Domus Elegance Collection
- Industry: Hospitality, Historic Hotels
- Founded: 1992; 34 years ago
- Founder: Christos and Ioanna Paraskevakis
- Headquarters: Chania, Crete, Greece
- Website: domuselegancecollection.com

= Domus Elegance Collection =

Domus Elegance Collection is a group of boutique hotels housed in buildings of historic significance in Chania, Crete, Greece. The collection operates primarily in Chania Old Town, with Domus Renier, and in the historic district of Halepa, with Domus Blanc. Both properties are listed heritage buildings dating to the Venetian Rule (Venetocracy) era and Ottoman period in Crete.

== History and architecture ==
The hotels within the Domus Elegance Collection are housed in historical buildings connected to key phases of Chania's urban and social development. Their histories are associated with periods of Venetian, Ottoman, and later European presence in the city.

=== Domus Renier ===
Domus Renier is located at the Venetian Harbor of Chania and was built in 1608, during the period of Venetian rule, as indicated by the inscription on the entrance arch. It originally served as the residence of the Renier family, a noble house of Venice. Venetian rule in Crete ended in 1669 with the Ottoman conquest of the island, following the Siege of Candia, during which the building underwent alterations, including the addition of an enclosed balcony on the third floor.

In recent years, Renier Mansion has operated as a hotel by Domus Elegance. In 2018, it was recognized by Historic Hotels Worldwide® as “Best Historic Hotel in Europe for 2017”. The selection criteria include the age of the building, the historical significance of its location, its proximity to the historic city center, the quality and aesthetic value of the restoration, the incorporation of historical continuity into the contemporary architectural design, and the presence of memorabilia, artifacts, and works of art displayed on the premises. In 2026, the property was recognized as one of the “Top 25 Historic Hotels Worldwide® Most Romantic Hotels 2026”. Eligibility criteria required properties to be at least 75 years old and recognized for their historical significance.

=== Domus Blanc ===
During the period of Ottoman rule in Crete, particularly after the signing of the Pact of Halepa in 1878 and the establishment of the Cretan State in 1898, the city of Chania developed into a cosmopolitan and economically significant center. The district of Halepa emerged as one of the city's principal areas during this period. The area housed the consulates of the Great Powers and was associated with political, social, and cultural activity during the Belle Époque. Among these were the French Consulate and the residence of consul Paul Blanc. This building today houses and operates as the Domus Blanc hotel, member of Domus Elegance Collection.

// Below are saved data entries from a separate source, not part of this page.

(* Let $m\ge1$, $y\in\mathbb{R}^{2m+1}_+$ and $\mathbf{Y}\in\boldsymbol{\mathcal{Y}}$. Then the problem of minimizing $\mathcal{I}(\mathbf{Y}\|\mathbf{W})$ over $\mathbf{W}\in\boldsymbol{\mathcal{W}}$ has the explicit minimizer $\mathbf{W}^\star=\mathbf{W}^\star(\mathbf{Y})$, namely the element of $\boldsymbol{\mathcal{W}}$ associated with the vector $x^\star\in\mathbb{R}^{m+1}_+$ given by $$x^\star_j=\frac{\widehat{\mathbf{Y}}_j}{2\sqrt{\sum_{i=0}^{2m}y_i}},\qquad \widehat{\mathbf{Y}}_j=\sum_{i=0}^m\mathbf{Y}_{i+j,i}+\sum_{i=j}^{j+m}\mathbf{Y}_{ij},\qquad j=0,\dots,m.$$ Moreover, for every $\mathbf{W}\in\boldsymbol{\mathcal{W}}$ the Pythagorean identity $$\mathcal{I}(\mathbf{Y}\|\mathbf{W})=\mathcal{I}(\mathbf{Y}\|\mathbf{W}^\star)+\mathcal{I}(\mathbf{W}^\star\|\mathbf{W})$$ holds.
   Context: Matrices are indexed by rows $i=0,\dots,2m$ and columns $j=0,\dots,m$. $\boldsymbol{\mathcal{Y}}$ is the set of $\mathbf{Y}\in\mathbb{R}^{(2m+1)\times(m+1)}_+$ with $\mathbf{Y}_{ij}=0$ for $i<j$ and for $i>j+m$, and with row sums $\sum_j\mathbf{Y}_{ij}=y_i$ for all $i$. $\boldsymbol{\mathcal{W}}$ is the set of matrices $\mathbf{W}\in\mathbb{R}^{(2m+1)\times(m+1)}_+$ of the form $\mathbf{W}_{ij}=x_{i-j}x_j$ for $0\le j\le m$, $j\le i\le j+m$, and $\mathbf{W}_{ij}=0$ otherwise, for some $x\in\mathbb{R}^{m+1}_+$ (the element of $\boldsymbol{\mathcal{W}}$ ''associated with'' $x$). For nonnegative arrays $M,N$ of the same size, $\mathcal{I}(M\|N)=\sum_{i,j}\big(M_{ij}\log\frac{M_{ij}}{N_{ij}}-M_{ij}+N_{ij}\big)$ (convention $0\log0=0$; $+\infty$ if some $M_{ij}>0=N_{ij}$). *)

From HB Require Import structures.
From mathcomp Require Import all_boot all_order all_algebra.
From mathcomp Require Import all_classical all_reals.
From mathcomp Require Import exp.
Set Implicit Arguments. Unset Strict Implicit. Unset Printing Implicit Defensive.
Import Order.TTheory GRing.Theory Num.Theory.
Local Open Scope ring_scope.

Section Defs.
Variable R : realType.

Definition idiv (p q : nat) (M N : 'M[R]_(p, q)) : \bar R :=
  if [exists i, exists j, (0 < M i j) && (N i j == 0)] then +oo%E
  else (\sum_(i < p) \sum_(j < q)
          (if M i j == 0 then N i j
           else M i j * ln (M i j / N i j) - M i j + N i j))%:E.

Definition in_Yset (m : nat) (y : 'I_((2 * m).+1) -> R)
  (Y : 'M[R]_((2 * m).+1, m.+1)) : Prop :=
  (forall i j, 0 <= Y i j) /\
  (forall (i : 'I_((2 * m).+1)) (j : 'I_(m.+1)),
      ((i < j)%N \/ (j + m < i)%N) -> Y i j = 0) /\
  (forall i, \sum_(j < m.+1) Y i j = y i).

Definition Wof (m : nat) (x : 'I_(m.+1) -> R) : 'M[R]_((2 * m).+1, m.+1) :=
  \matrix_(i < (2 * m).+1, j < m.+1)
    if ((j <= i) && (i <= j + m))%N then x (inord (i - j)) * x j else 0.

Definition in_Wset (m : nat) (W : 'M[R]_((2 * m).+1, m.+1)) : Prop :=
  exists x : 'I_(m.+1) -> R, (forall j, 0 <= x j) /\ W = Wof x.

Definition Yhat (m : nat) (Y : 'M[R]_((2 * m).+1, m.+1)) (j : 'I_(m.+1)) : R :=
  \sum_(0 <= i < m.+1) Y (inord (i + j)) (inord i)
  + \sum_(j <= i < j + m.+1) Y (inord i) j.

Definition xstar (m : nat) (y : 'I_((2 * m).+1) -> R)
  (Y : 'M[R]_((2 * m).+1, m.+1)) (j : 'I_(m.+1)) : R :=
  Yhat Y j / (2 * Num.sqrt (\sum_(i < (2 * m).+1) y i)).

End Defs.

(* For W = Wof x the log-ratio ln (W*_ij / W_ij) splits as l_(i-j) + l_j with
   l_k = ln (x*_k / x_k), so the Pythagorean defect
   sum_ij (W*_ij - Y_ij) ln (W*_ij / W_ij) equals sum_k (Yhat W*_k - Yhat Y_k) l_k.
   It vanishes because Yhat (Wof x)_k = 2 x_k sum_l x_l, and x* solves
   Yhat (Wof x) = Yhat Y.  Minimality then follows from the
   nonnegativity of the I-divergence.  The infinite cases match up because
   Y << Wof x forces x_k > 0 wherever Yhat Y_k > 0, hence W* << Wof x. *)

From HB Require Import structures.
From mathcomp Require Import all_boot all_order all_algebra.
From mathcomp Require Import all_classical all_reals.
From mathcomp Require Import exp.
From mathcomp Require Import ring lra zify.
Import Order.TTheory GRing.Theory Num.Theory.
Local Open Scope ring_scope.
Set Implicit Arguments. Unset Strict Implicit. Unset Printing Implicit Defensive.

Section IDivergence.
Variable R : realType.

Definition idiv_term (a b : R) : R :=
  if a == 0 then b else a * ln (a / b) - a + b.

The building was erected in 1870 by engineer Leonidas Lygounis and was given as a dowry to his daughter Erasmia upon her marriage to Paul Blanc, the French consul in Crete. Blanc, born in 1855, began his diplomatic career as vice-consul in Constantinople and, in May 1886, was appointed head of the French Consulate in Crete. Blanc was associated with Eleftherios Venizelos, and both supported the independence of Crete, a position that brought them into conflict with Prince George.

The property was acquired in 1992 by Christos and Ioanna Paraskevakis, and its renovation lasted over four years. The construction of the basement took eighteen months, and part of the former guardhouse was converted into a bistro.

The building is also associated with Florentine Kaloutsi, a Cretan artist who studied painting and design in England from 1906. Upon returning to Crete six years later, she rented the former French consulate and installed 150 looms for weaving traditional Cretan textiles, a craft with documented origins in the Minoan period.